#### WHAT THE TASK ASKS
The answer is to be an exact copy of the lines below running from the line with "From Stdlib Require Import Classical." down to the line with "singular point of", both ends included, and nothing more.

Stored items from a collection
(* Let $k$ be an algebraically closed field of arbitrary characteristic and let $\mathcal{C}\subset\mathbb{P}^3$ be a quadric cone with vertex $v$. Fix an integer $d\ge 2$ and a point $q\in\mathcal{C}\setminus\{v\}$, and let $R_q\subset\mathcal{C}$ be the line spanned by $v$ and $q$. Then there is a smooth divisor $Y\in|\mathcal{O}_{\mathcal{C}}(d)|$ such that $v\notin Y$, $q\notin Y$, and $R_q$ meets $Y$ at a unique point.
   Context: $\mathcal{O}_{\mathcal{C}}(d)$ is the restriction of $\mathcal{O}_{\mathbb{P}^3}(d)$ to $\mathcal{C}$. *)

From HB Require Import structures.
From mathcomp Require Import all_boot all_order all_algebra.
From mathcomp Require Import mpoly.
Set Implicit Arguments. Unset Strict Implicit. Unset Printing Implicit Defensive.
Import GRing.Theory.
Local Open Scope ring_scope.

(* Projective 3-space P^3 over a field k: points are represented by nonzero
   vectors x : 'I_4 -> k (homogeneous coordinates), up to nonzero scalars. *)

Section Proj.
Variable k : fieldType.

Definition vnonzero (x : 'I_4 -> k) : Prop := exists i, x i != 0.

Definition proj_eq (x y : 'I_4 -> k) : Prop := exists c : k, c != 0 /\ forall i, x i = c * y i.

Definition grad (p : {mpoly k[4]}) (x : 'I_4 -> k) : 'I_4 -> k :=
  fun i => (mderiv i p).@[x].

Definition on_hyp (p : {mpoly k[4]}) (x : 'I_4 -> k) : Prop :=
  vnonzero x /\ p.@[x] = 0.

Definition quadric_cone (Q : {mpoly k[4]}) (v : 'I_4 -> k) : Prop :=
  Q \is 2.-homog /\ vnonzero v /\
  forall x, vnonzero x ->
    ((Q.@[x] = 0 /\ forall i, grad Q x i = 0) <-> proj_eq x v).

Definition lin_indep2 (a b : 'I_4 -> k) : Prop :=
  forall s t : k, (forall i, s * a i + t * b i = 0) -> s = 0 /\ t = 0.

(* The curve Y = C \cap V(F) (a divisor in |O_C(d)| when F has degree d) is
   smooth: Jacobian criterion for the complete intersection V(Q, F) -- at every
   point of Y the gradients of Q and F are linearly independent. *)
Definition smooth_section (Q F : {mpoly k[4]}) : Prop :=
  forall x, vnonzero x -> Q.@[x] = 0 -> F.@[x] = 0 ->
    lin_indep2 (grad Q x) (grad F x).

Definition on_line (v q x : 'I_4 -> k) : Prop :=
  vnonzero x /\ exists a b : k, forall i, x i = a * v i + b * q i.

End Proj.

From HB Require Import structures.
From mathcomp Require Import all_boot all_order all_algebra.
From mathcomp Require Import mpoly ring.
From Stdlib Require Import Classical.
Set Implicit Arguments. Unset Strict Implicit. Unset Printing Implicit Defensive.
Import GRing.Theory.
Local Open Scope ring_scope.

(* Since v is the only
   singular point of the cone, one completes q + v, v to a basis q + v, r, w, v in which
   Q = y0 y1 + y2^2, in every characteristic.  In these coordinates the line R_q is
   {y1 = y2 = 0}, with v = (0:0:0:1) and q = (1:0:0:-1), and
     F = y3^d + y2 y0^(d-1) + c1 y2 y3^(d-1) + c2 y1 y0^(d-1) + c3 y1^d
   restricts to R_q as y3^d: it meets R_q only at q + v and vanishes neither at v nor
   at q.  The Jacobian criterion for C ∩ V(F) is checked by hand, with
   (c1, c2, c3) = (1, 0, 1) when the characteristic divides d, and (0, 1, ±1) otherwise:
   a singular point for c3 = κ forces κ to be a specific value, so it cannot happen for
   both κ = 1 and κ = -1.  The chain rule transports smoothness back to the original
   coordinates. *)

Lemma mderivXU (R : nzRingType) (n : nat) (i l : 'I_n) :
  mderiv l ('X_i : {mpoly R[n]}) = ((i == l)%:R)%:MP.
Proof.
rewrite mderivX mnm1E; case: eqP => [->|_]; last by rewrite scale0r.
have -> : (U_(l) - U_(l))%MM = 0%MM by apply/mnmP => j; rewrite mnmBE subnn mnm0E.
by rewrite mpolyX0 scale1r.
Qed.

Lemma sum_mul_delta (R : nzSemiRingType) (n : nat) (F : 'I_n -> R) (l : 'I_n) :
  \sum_(j < n) F j * (j == l)%:R = F l.
Proof.
rewrite (bigD1 l) //= eqxx mulr1 big1 ?addr0 // => j /negbTE ->.
by rewrite mulr0.
Qed.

#### THE ANSWER
From Stdlib Require Import Classical.
Set Implicit Arguments. Unset Strict Implicit. Unset Printing Implicit Defensive.
Import GRing.Theory.
Local Open Scope ring_scope.

(* Since v is the only
   singular point of the cone, one completes q + v, v to a basis q + v, r, w, v in which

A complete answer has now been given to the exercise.